The Ghana National Association of Private Schools (GNAPS) has reiterated its demand for the immediate elimination of the 30 percent priority placement policy for students from public schools by the Computerised Schools Selection Placement System (CSSPS). GNAPS contends that the CSSPS lacks the necessary elements of democratic school policy implementation, such as transparency, fairness, and equity.
In a statement signed by its President, Dr. Damasus Tuurosong, GNAPS cited the story of Beatrice, a student from a private school, to justify its call for the abolition of the 30 percent system.
Beatrice achieved excellent grades on the BECE but was not placed in her first choice school, Wesley Girls Senior High School, while her neighbor and friend, who got an aggregate of 19, was placed in an A-graded senior high school of her choice.

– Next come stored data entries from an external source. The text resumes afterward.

Lemma Cw_reduce (w : list sym) : Cw (reduce w) = Cw w.
Proof.
  destruct (reduce_counts w) as [Hb Ho].
  replace (Cw w) with (state_charge (fold_left step w ([], [])))
    by (rewrite state_charge_fold; unfold state_charge; simpl; ring).
  unfold Cw, state_charge. rewrite Hb, Ho, burger_stack_fold. reflexivity.
Qed.

Lemma length_reduce_one_burger (w : list sym) :
  one_burger w = true -> INR (length (reduce w)) = 2 - Cw w /\ 1 <= INR (length (reduce w)).
Proof.
  unfold one_burger. intros H. apply Nat.eqb_eq in H.
  rewrite <- Cw_reduce, length_nburgers_norders, H. unfold Cw.
  rewrite H, plus_INR. simpl. pose proof (pos_INR (norders (reduce w))). lra.
Qed.

Definition inserted (A B : list nat) : Prop :=
  B = A \/ exists A1 A2 e, A = A1 ++ A2 /\ B = A1 ++ e :: A2.

Lemma take_bur_app (i : nat) (l1 l2 : list nat) :
  take_bur i (l1 ++ l2) =
  match take_bur i l1 with
  | Some s => Some (s ++ l2)
  | None => match take_bur i l2 with Some s => Some (l1 ++ s) | None => None end
  end.
Proof.
  induction l1 as [| j l1 IH]; simpl; [destruct (take_bur i l2); auto |].
  destruct (Nat.eqb i j); auto. rewrite IH.
  destruct (take_bur i l1); auto. destruct (take_bur i l2); auto.
Qed.

Lemma take_bur_split (i : nat) (l s : list nat) :
  take_bur i l = Some s -> exists l1 l2, l = l1 ++ i :: l2 /\ s = l1 ++ l2.
Proof.
  revert s; induction l as [| j l IH]; simpl; intros s H; [discriminate |].
  destruct (Nat.eqb i j) eqn:E.
  - apply Nat.eqb_eq in E; subst. injection H as <-. exists [], l; auto.
  - destruct (take_bur i l) as [s' |]; [| discriminate]. injection H as <-.
    destruct (IH s' eq_refl) as [l1 [l2 [-> ->]]]. exists (j :: l1), l2; auto.
Qed.

(* The extra burger e is either still present, or some order ate it instead of
   another burger (which then plays the role of e), or instead of going unserved. *)
Lemma stack_step_inserted (A B : list nat) (x : sym) :
  inserted A B -> inserted (stack_step A x) (stack_step B x).
Proof.
  intros [-> | [A1 [A2 [e [-> ->]]]]]; [left; auto |].
  destruct x as [i | i |]; simpl.
  - right. exists (i :: A1), A2, e. auto.
  - rewrite !take_bur_app. simpl.
    destruct (take_bur i A1) as [s |]; [right; exists s, A2, e; auto |].
    destruct (Nat.eqb i e) eqn:He; destruct (take_bur i A2) as [s |] eqn:H2.
    + apply take_bur_split in H2 as [l1 [l2 [-> ->]]].
      right. exists (A1 ++ l1), l2, i. rewrite <- !app_assoc. auto.
    + left; auto.
    + right; exists A1, s, e; auto.
    + right; exists A1, A2, e; auto.
  - destruct A1 as [| y A1]; simpl.
    + destruct A2 as [| y A2]; [left; auto |]. right; exists [], A2, y; auto.
    + right; exists A1, A2, e; auto.
Qed.

Lemma fold_stack_step_inserted (w : list sym) (A B : list nat) :
  inserted A B ->
  (length (fold_left stack_step w B) <= S (length (fold_left stack_step w A)))%nat.
Proof.
  revert A B; induction w as [| x w IH]; simpl; intros A B H.
  - destruct H as [-> | [A1 [A2 [e [-> ->]]]]]; rewrite ?length_app; simpl; lia.
  - apply IH, stack_step_inserted; auto.
Qed.

Lemma nburgers_reduce_cons (x : sym) (w : list sym) :
  (nburgers (reduce (x :: w)) <= S (nburgers (reduce w)))%nat.
Proof.
  rewrite (proj1 (reduce_counts (x :: w))), (proj1 (reduce_counts w)).
  unfold burger_stack. simpl. apply fold_stack_step_inserted.
  destruct x as [i | i |]; [right; exists [], [], i | left | left]; auto.
Qed.

(** * The time J *)

Lemma suffix_0 (w : list sym) : suffix 0 w = [].
Proof. unfold suffix. rewrite Nat.sub_0_r. apply skipn_all. Qed.

Lemma suffix_length (w : list sym) : suffix (length w) w = w.
Proof. unfold suffix. rewrite Nat.sub_diag. auto. Qed.

Lemma suffix_cons (i : nat) (x : sym) (w : list sym) :
  (i <= length w)%nat -> suffix i (x :: w) = suffix i w.
Proof.
  intros H. unfold suffix. simpl length.
  replace (S (length w) - i)%nat with (S (length w - i)) by lia. auto.
Qed.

GNAPS maintains that such discrimination against private school students is due to an unfair policy that allocates 30 percent of all available vacancies in Grade A senior high schools to BECE candidates who attended public schools, before the remaining 70 percent is shared on merit among all students.

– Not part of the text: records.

(* Let $(\chi_n)_{n\in\mathbb N}$ be independent Bernoulli random variables with $\mathbb P(\chi_n=1)=p\in(0,1)$. Let $N\ge1$ and let $c$ be a finitely supported real function on the set of multi-indices $\alpha=(\alpha_1,\dots,\alpha_N)\in\mathbb N^N$ with $1\le\alpha_1<\dots<\alpha_N$. Set $\Psi_N(c^2)=\sum_{|\alpha|=N}c(\alpha)^2\chi^\alpha$ with $\chi^\alpha=\prod_{i=1}^N\chi_{\alpha_i}$, $|c|_N^2=\sum_{|\alpha|=N}c(\alpha)^2$ and $\delta_N^2(c)=\max_n\sum_{|\alpha|=N,\,n\in\{\alpha_1,\dots,\alpha_N\}}c(\alpha)^2$, and assume $\delta_N(c)>0$. If $x<(p/2)^N|c|_N^2$, then $$\mathbb P(\Psi_N(c^2)\le x)\le\frac{2e^3}{9}N\exp\Big(-\frac{x^2}{\delta_N^2(c)|c|_N^2}\Big).$$ *)

From Stdlib Require Import Reals Lra List Sorted.
Import ListNotations.
Open Scope R_scope.

(* Since c is finitely supported, Psi_N(c^2) depends only on chi_1,...,chi_M for
   any M bounding the support of c.  We therefore model the i.i.d. Bernoulli(p)
   sequence through its finite-dimensional marginal on {0,1}^M: an outcome is a
   list of booleans [w] of length M, with chi_n = 1 iff the (n-1)-th entry is true. *)

Fixpoint bool_lists (M : nat) : list (list bool) :=
  match M with
  | O => [[]]
  | S m => map (cons true) (bool_lists m) ++ map (cons false) (bool_lists m)
  end.

Fixpoint weight (p : R) (w : list bool) : R :=
  match w with
  | [] => 1
  | b :: w' => (if b then p else 1 - p) * weight p w'
  end.

Definition sumR (l : list R) : R := fold_right Rplus 0 l.

Fixpoint sublists (k : nat) (l : list nat) : list (list nat) :=
  match k, l with
  | O, _ => [[]]
  | S _, [] => []
  | S k', x :: l' => map (cons x) (sublists k' l') ++ sublists k l'
  end.

Definition multi_indices (N M : nat) : list (list nat) := sublists N (seq 1 M).

Definition valid_index (N : nat) (a : list nat) : Prop :=
  Sorted lt a /\ length a = N /\ (forall i, In i a -> (1 <= i)%nat).

Definition chi (w : list bool) (n : nat) : R :=
  if nth (n - 1) w false then 1 else 0.

Definition chi_alpha (w : list bool) (a : list nat) : R :=
  fold_right (fun i acc => chi w i * acc) 1 a.

Definition Psi (N M : nat) (c : list nat -> R) (w : list bool) : R :=
  sumR (map (fun a => (c a)^2 * chi_alpha w a) (multi_indices N M)).

Definition normc2 (N M : nat) (c : list nat -> R) : R :=
  sumR (map (fun a => (c a)^2) (multi_indices N M)).

(* delta_N^2(c) = max_n sum_{a containing n} c(a)^2 (n ranges over 1..M; the
   sums for n > M vanish and all sums are >= 0). *)
Definition delta2 (N M : nat) (c : list nat -> R) : R :=
  fold_right Rmax 0
    (map (fun n => sumR (map (fun a => (c a)^2)
                        (filter (fun a => existsb (Nat.eqb n) a) (multi_indices N M))))
         (seq 1 M)).

Definition deltaN (N M : nat) (c : list nat -> R) : R := sqrt (delta2 N M c).

Definition prob_Psi_le (p : R) (N M : nat) (c : list nat -> R) (x : R) : R :=
  sumR (map (fun w => weight p w * (if Rle_dec (Psi N M c w) x then 1 else 0))
            (bool_lists M)).

(* The truncations Psi_d = sum_a c(a)^2 chi_{a_{d+1}} ... chi_{a_N} interpolate between
   Psi_0 = Psi_N(c^2) and Psi_N = |c|_N^2.  Grouping by the first remaining index n,
   Psi_d = sum_n chi_n phi_n and Psi_{d+1} = sum_n phi_n, where phi_n depends only on
   the chi_m with m > n.  Peeling the coordinates off one by one with the Bernoulli
   bound p e^{-t} + 1 - p <= e^{-pt + t^2/4} gives a Chernoff bound
   P(Psi_d <= z, p Psi_{d+1} >= 2z) <= exp(-z^2 / (delta^2 |c|^2)), since
   sum_n phi_n^2 <= delta^2 Psi_{d+1} <= delta^2 |c|^2.  Hence
   P(Psi_d <= z) <= exp(-z^2/(delta^2 |c|^2)) + P(Psi_{d+1} <= 2z/p), and iterating
   N times ends at Psi_N = |c|^2 > (2/p)^N x, an impossible event.  This yields the
   bound with the constant 1 <= 2e^3/9. *)

From Stdlib Require Import Reals Lra Lia List Sorted.
From Coquelicot Require Import Coquelicot.
Open Scope R_scope.

Lemma exp_le_compat (a b : R) : a <= b -> exp a <= exp b.
Proof. intros [H | ->]; [left; apply exp_increasing |]; lra. Qed.

Lemma nonneg_of_deriv_nonneg (f f' : R -> R) :
  (forall s, derivable_pt_lim f s (f' s)) -> f 0 = 0 ->
  (forall s, 0 <= s -> 0 <= f' s) -> forall t, 0 <= t -> 0 <= f t.
Proof.
  intros Df f0 Hf' t Ht.
  destruct (Req_dec t 0) as [-> | Ht0]; [lra |].
  destruct (MVT_cor2 f f' 0 t) as [s [Hs Hst]]; [lra | intros; apply Df |].
  pose proof (Hf' s ltac:(lra)). nra.
Qed.

Lemma bernoulli_exp_moment_le (p t : R) : 0 < p < 1 -> 0 <= t ->
  p * exp (- t) + (1 - p) <= exp (- p * t + t ^ 2 / 4).
Proof.
  intros Hp Ht.
  set (D := fun s => 1 - p + p * exp (- s)).
  assert (HD : forall s, 0 < D s) by (intro s; unfold D; pose proof (exp_pos (- s)); nra).
  (* h vanishes to first order at 0 and is convex, since h'' = 1/2 - Var and the
     variance of a Bernoulli variable is at most 1/4 *)
  set (h := fun s => - p * s + s ^ 2 / 4 - ln (D s)).
  set (h1 := fun s => - p + s / 2 + p * exp (- s) / D s).
  set (h2 := fun s => / 2 - p * (1 - p) * exp (- s) / D s ^ 2).
  assert (Dh : forall s, derivable_pt_lim h s (h1 s)).
  { intro s; apply is_derive_Reals; unfold h, h1.
    pose proof (HD s); unfold D in *; auto_derive; [lra | field; lra]. }
  assert (Dh1 : forall s, derivable_pt_lim h1 s (h2 s)).
  { intro s; apply is_derive_Reals; unfold h1, h2.
    pose proof (HD s); unfold D in *; auto_derive; [lra | field; lra]. }
  assert (Hh2 : forall s, 0 <= s -> 0 <= h2 s).
  { intros s _; unfold h2. pose proof (HD s). pose proof (exp_pos (- s)).
    assert (p * (1 - p) * exp (- s) <= D s ^ 2 / 4).
    { unfold D in *. pose proof (pow2_ge_0 (1 - p - p * exp (- s))). nra. }
    enough (p * (1 - p) * exp (- s) / D s ^ 2 <= / 4) by lra.
    apply Rmult_le_reg_r with (D s ^ 2); [nra |].
    unfold Rdiv; rewrite Rmult_assoc, Rinv_l by nra. lra. }
  assert (D0 : D 0 = 1) by (unfold D; rewrite Ropp_0, exp_0; ring).
  assert (Hh1 : forall s, 0 <= s -> 0 <= h1 s).
  { apply (nonneg_of_deriv_nonneg h1 h2 Dh1); [| exact Hh2].
    unfold h1; rewrite D0, Ropp_0, exp_0; field. }
  assert (Hh : 0 <= h t).
  { apply (nonneg_of_deriv_nonneg h h1 Dh); [| exact Hh1 | exact Ht].
    unfold h; rewrite D0, ln_1. nra. }
  replace (p * exp (- t) + (1 - p)) with (exp (ln (D t)))
    by (rewrite exp_ln by apply HD; unfold D; ring).
  apply exp_le_compat. unfold h in Hh. lra.
Qed.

GNAPS believes that such an unfair policy undermines the hopes and aspirations of hardworking children and devalues the significance of the BECE results.
It questions the rationale behind denying a child attending a private school in a remote part of the country a Grade A SHS while his counterpart attending a public school in an economically advantageous part of the country receives a 30% head-start in the placement process.
Consequently, GNAPS calls on all advocates for a just, fair, and equitable education system to join forces and demand the abolition of the 30 percent priority placement policy.